>>>>>

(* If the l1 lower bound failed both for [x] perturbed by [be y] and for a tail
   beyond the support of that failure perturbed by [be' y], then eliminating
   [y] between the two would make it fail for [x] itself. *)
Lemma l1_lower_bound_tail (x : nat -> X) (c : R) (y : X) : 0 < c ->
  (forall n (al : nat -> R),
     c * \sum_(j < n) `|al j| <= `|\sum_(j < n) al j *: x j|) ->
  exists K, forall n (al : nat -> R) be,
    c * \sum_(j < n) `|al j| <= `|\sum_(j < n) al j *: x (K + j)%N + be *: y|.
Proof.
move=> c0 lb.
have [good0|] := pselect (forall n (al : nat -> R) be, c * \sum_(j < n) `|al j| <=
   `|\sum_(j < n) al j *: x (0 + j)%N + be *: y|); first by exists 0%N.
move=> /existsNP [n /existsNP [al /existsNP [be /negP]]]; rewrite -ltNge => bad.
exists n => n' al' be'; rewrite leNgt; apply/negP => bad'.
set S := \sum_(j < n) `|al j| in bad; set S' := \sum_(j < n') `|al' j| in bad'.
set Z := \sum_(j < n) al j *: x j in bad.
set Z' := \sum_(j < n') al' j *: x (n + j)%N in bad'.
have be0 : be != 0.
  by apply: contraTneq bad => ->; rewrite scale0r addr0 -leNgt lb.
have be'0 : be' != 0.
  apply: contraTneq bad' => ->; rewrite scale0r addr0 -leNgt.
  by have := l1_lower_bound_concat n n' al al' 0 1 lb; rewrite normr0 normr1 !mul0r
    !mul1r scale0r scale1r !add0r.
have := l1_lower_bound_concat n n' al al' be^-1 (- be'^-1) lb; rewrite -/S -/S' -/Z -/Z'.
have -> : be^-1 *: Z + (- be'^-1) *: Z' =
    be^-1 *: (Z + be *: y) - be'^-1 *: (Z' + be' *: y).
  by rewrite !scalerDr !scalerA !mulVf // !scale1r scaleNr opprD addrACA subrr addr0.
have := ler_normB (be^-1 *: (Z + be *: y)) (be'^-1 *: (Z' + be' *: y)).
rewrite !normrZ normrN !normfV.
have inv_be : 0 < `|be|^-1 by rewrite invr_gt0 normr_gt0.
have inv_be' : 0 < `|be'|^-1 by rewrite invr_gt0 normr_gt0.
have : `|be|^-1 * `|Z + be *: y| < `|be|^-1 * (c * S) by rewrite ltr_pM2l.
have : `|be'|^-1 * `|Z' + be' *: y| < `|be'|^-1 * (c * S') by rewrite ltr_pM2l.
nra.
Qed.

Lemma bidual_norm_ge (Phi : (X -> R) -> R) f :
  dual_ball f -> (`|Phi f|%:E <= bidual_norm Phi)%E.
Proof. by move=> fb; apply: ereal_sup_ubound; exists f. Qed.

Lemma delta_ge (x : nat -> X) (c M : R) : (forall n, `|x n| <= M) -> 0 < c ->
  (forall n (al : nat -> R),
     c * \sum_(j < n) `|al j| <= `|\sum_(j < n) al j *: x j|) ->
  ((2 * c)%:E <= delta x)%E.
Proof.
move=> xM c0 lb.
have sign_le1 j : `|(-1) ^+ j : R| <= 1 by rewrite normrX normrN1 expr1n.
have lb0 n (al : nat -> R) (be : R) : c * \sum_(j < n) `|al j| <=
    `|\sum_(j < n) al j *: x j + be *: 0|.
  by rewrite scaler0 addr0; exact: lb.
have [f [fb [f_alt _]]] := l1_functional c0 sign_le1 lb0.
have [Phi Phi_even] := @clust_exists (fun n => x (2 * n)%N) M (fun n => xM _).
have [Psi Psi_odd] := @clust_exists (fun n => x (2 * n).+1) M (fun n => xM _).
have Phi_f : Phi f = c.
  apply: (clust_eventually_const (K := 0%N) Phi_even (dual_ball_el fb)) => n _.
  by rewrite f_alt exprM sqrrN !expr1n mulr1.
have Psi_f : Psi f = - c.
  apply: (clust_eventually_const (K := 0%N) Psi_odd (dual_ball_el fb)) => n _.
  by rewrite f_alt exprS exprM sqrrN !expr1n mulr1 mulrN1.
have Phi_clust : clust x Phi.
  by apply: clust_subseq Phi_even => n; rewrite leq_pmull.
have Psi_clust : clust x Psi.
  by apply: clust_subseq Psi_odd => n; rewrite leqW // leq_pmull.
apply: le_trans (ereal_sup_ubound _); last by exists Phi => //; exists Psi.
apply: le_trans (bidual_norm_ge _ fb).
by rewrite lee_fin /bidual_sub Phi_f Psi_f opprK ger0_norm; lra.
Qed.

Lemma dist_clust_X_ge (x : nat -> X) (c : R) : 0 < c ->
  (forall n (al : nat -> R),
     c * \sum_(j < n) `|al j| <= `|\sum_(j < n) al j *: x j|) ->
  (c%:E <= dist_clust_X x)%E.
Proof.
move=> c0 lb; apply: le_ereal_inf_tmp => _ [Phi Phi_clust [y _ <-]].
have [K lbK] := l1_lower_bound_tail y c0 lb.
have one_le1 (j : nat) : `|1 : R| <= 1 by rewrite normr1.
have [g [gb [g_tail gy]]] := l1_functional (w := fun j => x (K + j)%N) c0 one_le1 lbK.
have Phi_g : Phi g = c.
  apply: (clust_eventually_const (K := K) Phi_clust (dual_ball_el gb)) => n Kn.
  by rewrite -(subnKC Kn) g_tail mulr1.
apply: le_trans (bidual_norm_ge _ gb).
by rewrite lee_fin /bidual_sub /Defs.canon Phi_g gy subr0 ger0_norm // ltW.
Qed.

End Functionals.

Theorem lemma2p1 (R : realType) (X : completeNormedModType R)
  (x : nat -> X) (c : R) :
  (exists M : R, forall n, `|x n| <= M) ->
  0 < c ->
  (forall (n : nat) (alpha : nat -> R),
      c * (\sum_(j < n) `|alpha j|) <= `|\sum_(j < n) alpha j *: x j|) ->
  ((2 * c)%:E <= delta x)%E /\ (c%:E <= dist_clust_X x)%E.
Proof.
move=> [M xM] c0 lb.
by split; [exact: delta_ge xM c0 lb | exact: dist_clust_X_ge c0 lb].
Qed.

<<<<<
>>>>>

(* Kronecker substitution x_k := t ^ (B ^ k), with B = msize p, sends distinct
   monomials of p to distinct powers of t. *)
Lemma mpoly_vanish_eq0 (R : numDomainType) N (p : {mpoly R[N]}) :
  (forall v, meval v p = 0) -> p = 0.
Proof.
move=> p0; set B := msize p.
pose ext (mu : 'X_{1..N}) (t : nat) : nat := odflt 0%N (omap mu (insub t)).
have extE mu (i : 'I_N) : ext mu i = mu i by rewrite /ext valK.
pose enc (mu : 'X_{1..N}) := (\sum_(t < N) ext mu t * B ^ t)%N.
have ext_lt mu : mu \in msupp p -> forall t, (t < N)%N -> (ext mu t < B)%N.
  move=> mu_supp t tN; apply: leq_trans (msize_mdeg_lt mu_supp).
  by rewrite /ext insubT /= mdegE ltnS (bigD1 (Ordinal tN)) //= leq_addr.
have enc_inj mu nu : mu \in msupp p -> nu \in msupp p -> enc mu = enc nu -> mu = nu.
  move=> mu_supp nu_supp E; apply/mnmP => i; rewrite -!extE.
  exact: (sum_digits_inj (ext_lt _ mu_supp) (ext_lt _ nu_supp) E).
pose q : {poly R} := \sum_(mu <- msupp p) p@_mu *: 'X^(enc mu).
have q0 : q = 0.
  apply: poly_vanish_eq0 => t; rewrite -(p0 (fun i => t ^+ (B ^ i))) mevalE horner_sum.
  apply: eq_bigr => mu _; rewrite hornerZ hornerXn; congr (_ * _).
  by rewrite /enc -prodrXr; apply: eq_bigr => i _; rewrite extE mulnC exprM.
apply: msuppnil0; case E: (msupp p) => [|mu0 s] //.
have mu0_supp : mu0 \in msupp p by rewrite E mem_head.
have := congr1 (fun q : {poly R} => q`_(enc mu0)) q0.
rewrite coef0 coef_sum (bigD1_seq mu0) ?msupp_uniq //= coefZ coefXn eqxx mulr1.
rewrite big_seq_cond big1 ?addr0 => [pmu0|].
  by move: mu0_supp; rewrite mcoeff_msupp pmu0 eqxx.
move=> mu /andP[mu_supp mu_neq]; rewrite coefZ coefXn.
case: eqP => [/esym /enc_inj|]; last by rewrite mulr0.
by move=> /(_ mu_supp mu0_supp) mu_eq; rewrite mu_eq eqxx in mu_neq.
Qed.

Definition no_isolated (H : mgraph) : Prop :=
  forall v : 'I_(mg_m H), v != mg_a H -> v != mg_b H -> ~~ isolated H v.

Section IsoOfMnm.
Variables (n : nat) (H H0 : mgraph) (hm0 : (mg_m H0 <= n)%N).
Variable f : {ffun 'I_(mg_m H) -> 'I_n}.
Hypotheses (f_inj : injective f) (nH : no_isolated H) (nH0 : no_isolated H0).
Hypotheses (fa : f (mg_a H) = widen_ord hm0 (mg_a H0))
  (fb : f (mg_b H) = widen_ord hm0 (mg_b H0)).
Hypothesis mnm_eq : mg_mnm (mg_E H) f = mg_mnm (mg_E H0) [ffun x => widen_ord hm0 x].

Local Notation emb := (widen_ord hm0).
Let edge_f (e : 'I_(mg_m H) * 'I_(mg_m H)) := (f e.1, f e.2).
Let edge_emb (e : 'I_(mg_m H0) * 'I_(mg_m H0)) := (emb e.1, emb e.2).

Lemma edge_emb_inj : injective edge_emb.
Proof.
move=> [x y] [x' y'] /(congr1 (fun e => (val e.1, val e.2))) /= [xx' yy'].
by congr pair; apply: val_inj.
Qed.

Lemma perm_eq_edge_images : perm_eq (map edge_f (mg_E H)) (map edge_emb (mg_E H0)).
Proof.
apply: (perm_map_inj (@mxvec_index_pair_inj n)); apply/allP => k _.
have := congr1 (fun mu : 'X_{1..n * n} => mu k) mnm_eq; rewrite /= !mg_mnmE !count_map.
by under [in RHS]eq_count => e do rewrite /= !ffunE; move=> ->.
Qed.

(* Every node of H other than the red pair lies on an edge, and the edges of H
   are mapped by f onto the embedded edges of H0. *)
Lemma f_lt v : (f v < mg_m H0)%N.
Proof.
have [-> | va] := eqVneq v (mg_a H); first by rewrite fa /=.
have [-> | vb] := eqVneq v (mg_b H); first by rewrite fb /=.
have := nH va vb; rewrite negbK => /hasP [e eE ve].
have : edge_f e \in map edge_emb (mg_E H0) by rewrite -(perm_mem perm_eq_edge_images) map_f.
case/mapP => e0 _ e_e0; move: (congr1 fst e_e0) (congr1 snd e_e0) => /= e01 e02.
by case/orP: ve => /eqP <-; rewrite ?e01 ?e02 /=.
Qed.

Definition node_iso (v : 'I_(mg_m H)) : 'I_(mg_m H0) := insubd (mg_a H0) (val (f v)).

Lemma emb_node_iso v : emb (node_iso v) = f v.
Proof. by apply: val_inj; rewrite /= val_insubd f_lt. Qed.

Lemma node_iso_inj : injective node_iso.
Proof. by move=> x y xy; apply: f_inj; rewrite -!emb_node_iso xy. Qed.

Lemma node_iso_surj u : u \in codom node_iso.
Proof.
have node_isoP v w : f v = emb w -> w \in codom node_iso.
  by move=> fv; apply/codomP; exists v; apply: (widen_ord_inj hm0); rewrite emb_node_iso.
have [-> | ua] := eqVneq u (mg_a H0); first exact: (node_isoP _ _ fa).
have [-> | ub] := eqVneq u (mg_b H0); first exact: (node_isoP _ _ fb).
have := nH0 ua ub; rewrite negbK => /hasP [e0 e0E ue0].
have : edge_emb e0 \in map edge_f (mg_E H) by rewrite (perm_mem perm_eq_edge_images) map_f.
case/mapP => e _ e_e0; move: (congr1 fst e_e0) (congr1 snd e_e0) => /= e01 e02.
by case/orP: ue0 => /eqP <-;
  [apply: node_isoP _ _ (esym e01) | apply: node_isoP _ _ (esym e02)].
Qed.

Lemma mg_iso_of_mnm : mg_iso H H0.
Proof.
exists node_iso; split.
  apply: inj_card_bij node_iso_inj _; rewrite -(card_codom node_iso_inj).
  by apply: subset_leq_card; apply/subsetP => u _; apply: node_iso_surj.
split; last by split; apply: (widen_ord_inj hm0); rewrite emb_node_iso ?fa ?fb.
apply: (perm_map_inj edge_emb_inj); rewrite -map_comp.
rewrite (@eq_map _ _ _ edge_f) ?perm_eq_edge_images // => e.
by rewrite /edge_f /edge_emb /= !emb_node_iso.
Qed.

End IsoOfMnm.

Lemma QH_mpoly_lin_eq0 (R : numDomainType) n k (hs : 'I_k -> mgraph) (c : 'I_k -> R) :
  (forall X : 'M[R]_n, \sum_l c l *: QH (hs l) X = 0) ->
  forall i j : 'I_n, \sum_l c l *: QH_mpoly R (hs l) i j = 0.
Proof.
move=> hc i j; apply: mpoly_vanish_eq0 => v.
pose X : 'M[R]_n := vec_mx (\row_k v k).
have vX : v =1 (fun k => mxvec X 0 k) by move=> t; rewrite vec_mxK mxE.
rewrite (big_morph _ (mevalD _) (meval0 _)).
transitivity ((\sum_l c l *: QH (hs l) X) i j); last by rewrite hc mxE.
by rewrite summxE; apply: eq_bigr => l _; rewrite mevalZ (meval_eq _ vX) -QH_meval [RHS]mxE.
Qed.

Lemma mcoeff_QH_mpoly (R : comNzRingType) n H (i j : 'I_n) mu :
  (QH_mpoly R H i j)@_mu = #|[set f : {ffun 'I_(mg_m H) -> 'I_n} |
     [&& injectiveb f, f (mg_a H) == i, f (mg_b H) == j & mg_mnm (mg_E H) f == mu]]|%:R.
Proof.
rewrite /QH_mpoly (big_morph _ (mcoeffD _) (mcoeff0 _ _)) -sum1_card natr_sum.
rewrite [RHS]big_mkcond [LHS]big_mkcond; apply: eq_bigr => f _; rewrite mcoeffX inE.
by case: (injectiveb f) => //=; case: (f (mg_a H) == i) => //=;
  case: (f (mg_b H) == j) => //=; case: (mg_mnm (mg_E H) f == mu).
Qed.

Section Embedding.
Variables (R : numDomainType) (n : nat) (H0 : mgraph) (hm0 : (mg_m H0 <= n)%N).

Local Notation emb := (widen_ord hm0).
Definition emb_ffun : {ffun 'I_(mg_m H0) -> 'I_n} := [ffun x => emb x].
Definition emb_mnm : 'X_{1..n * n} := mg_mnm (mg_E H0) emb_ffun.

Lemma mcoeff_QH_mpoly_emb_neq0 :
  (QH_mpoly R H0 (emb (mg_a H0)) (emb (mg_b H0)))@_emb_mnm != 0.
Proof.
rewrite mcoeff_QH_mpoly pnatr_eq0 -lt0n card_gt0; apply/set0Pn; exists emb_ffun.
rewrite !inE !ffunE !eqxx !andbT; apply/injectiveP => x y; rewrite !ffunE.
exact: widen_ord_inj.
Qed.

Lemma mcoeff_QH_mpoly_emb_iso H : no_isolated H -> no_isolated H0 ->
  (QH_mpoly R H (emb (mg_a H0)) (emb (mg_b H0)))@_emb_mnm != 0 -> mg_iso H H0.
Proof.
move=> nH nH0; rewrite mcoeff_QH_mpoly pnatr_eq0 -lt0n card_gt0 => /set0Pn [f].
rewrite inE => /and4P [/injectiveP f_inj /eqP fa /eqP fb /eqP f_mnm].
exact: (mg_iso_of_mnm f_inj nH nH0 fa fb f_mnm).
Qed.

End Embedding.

<<<<<
>>>>>

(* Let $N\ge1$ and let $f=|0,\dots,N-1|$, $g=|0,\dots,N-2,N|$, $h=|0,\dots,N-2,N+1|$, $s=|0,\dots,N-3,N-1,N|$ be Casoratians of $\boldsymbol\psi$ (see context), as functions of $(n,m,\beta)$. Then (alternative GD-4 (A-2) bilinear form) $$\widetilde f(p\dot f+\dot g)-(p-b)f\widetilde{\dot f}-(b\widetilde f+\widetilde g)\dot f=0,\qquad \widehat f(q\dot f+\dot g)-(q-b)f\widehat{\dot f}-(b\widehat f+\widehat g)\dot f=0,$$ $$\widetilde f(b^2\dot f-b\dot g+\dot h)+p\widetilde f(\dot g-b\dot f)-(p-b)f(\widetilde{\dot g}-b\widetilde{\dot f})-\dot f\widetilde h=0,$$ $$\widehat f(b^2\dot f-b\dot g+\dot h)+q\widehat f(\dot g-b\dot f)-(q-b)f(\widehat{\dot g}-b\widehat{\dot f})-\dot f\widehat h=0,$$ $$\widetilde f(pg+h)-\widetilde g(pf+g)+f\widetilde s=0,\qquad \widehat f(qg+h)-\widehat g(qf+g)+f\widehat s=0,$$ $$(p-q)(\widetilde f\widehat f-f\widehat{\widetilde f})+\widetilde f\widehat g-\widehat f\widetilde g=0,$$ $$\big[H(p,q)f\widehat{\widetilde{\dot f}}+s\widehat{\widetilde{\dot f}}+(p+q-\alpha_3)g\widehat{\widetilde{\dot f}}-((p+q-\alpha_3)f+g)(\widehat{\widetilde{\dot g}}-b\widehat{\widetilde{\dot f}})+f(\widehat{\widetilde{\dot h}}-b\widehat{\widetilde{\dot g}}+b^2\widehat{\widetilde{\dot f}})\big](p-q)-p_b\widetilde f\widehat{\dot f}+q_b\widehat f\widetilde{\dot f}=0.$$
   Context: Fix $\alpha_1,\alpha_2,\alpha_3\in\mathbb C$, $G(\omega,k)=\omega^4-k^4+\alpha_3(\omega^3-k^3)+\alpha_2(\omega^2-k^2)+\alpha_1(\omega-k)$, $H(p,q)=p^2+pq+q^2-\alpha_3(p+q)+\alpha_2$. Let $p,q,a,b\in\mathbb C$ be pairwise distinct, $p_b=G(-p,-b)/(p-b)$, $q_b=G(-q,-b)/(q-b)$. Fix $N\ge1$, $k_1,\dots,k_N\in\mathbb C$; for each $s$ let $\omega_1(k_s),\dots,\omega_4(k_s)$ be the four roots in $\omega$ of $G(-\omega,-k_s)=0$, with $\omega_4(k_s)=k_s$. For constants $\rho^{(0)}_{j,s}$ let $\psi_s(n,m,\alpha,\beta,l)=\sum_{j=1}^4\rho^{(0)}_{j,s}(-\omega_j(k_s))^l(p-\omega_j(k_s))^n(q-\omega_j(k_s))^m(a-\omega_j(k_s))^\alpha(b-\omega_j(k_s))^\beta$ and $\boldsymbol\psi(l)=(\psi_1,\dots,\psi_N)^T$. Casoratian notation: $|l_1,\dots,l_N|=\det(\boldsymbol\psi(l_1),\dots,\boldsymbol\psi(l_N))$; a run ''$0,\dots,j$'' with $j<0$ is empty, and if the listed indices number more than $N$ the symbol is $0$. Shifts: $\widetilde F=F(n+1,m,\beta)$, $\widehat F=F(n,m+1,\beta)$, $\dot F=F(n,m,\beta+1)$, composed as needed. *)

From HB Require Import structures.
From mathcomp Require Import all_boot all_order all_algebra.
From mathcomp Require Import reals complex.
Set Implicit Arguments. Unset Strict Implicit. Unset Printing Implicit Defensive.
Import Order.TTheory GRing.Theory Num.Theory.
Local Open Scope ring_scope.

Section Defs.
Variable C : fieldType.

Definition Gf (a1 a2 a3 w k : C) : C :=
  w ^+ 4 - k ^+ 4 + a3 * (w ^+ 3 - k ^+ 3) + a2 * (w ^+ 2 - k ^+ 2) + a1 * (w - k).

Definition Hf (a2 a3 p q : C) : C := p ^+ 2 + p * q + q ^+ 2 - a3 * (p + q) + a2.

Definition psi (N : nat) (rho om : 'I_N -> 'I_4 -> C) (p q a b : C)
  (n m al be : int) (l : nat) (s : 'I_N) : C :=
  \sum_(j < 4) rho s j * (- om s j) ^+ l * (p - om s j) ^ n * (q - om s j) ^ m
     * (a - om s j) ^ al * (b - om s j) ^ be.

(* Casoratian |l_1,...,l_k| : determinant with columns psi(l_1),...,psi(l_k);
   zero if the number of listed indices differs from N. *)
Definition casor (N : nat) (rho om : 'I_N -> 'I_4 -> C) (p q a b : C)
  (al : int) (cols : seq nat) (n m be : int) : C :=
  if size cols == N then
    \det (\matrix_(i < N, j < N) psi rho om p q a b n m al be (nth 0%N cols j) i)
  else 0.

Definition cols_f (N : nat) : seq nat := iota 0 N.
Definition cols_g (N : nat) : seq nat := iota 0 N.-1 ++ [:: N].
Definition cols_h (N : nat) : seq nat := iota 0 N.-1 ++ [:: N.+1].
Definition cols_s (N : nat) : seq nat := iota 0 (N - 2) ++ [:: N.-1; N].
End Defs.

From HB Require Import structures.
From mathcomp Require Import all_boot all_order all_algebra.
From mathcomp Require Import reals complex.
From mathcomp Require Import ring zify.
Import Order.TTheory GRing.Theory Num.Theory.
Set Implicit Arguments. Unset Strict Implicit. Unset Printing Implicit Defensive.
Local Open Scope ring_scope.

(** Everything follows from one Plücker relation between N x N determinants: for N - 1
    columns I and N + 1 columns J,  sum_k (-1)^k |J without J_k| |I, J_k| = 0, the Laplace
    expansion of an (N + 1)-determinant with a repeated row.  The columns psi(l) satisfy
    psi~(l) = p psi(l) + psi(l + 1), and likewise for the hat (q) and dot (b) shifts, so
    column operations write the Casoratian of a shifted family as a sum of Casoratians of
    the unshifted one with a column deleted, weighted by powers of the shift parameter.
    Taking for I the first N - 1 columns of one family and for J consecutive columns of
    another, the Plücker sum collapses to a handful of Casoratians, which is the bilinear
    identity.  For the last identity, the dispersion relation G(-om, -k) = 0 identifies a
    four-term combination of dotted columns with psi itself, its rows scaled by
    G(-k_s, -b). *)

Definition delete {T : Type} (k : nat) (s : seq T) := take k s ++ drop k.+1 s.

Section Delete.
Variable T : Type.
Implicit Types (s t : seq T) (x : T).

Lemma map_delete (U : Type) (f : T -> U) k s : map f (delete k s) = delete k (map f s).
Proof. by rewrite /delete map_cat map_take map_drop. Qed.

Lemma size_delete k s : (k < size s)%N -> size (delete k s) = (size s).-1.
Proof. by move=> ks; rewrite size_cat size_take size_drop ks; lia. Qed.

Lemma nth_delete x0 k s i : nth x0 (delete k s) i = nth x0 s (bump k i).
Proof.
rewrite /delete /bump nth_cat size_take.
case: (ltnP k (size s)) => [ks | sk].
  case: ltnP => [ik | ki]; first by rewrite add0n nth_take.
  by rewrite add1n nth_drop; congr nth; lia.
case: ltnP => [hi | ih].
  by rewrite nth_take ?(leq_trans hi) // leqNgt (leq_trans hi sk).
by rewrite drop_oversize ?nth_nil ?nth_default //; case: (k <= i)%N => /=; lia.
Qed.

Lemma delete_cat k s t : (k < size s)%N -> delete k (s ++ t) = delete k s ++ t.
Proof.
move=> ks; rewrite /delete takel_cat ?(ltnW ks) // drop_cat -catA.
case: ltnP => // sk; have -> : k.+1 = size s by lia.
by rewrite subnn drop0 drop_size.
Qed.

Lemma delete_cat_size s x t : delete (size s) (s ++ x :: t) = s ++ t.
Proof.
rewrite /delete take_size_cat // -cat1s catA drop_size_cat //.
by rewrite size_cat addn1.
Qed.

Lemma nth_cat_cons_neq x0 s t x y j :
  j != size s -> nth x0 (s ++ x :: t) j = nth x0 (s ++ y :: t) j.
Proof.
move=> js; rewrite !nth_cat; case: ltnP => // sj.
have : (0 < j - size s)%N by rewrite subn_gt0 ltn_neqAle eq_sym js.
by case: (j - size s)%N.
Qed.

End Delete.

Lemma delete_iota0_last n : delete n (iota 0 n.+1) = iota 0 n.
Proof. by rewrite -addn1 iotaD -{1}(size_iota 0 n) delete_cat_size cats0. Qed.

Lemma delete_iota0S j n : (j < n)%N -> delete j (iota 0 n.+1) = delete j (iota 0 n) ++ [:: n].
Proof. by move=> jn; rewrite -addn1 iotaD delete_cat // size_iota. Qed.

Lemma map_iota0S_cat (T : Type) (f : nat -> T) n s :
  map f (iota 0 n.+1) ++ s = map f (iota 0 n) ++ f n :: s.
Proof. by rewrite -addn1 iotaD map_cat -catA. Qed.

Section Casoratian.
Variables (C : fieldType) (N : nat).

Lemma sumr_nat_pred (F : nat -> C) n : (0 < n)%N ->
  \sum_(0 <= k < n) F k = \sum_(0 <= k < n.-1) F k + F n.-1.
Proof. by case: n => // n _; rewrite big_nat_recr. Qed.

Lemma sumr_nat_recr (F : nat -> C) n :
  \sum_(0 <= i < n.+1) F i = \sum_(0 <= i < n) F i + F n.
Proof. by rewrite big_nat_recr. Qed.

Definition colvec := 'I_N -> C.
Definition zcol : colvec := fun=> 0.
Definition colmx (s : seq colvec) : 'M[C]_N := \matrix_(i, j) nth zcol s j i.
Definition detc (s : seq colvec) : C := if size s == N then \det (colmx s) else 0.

<<<<<

### What to produce
Return only the part of the records above that opens with the line containing "(* If the l1" and closes with the line containing "[y] between the", ends included.

### Solved problem
(* If the l1 lower bound failed both for [x] perturbed by [be y] and for a tail
   beyond the support of that failure perturbed by [be' y], then eliminating
   [y] between the two would make it fail for [x] itself. *)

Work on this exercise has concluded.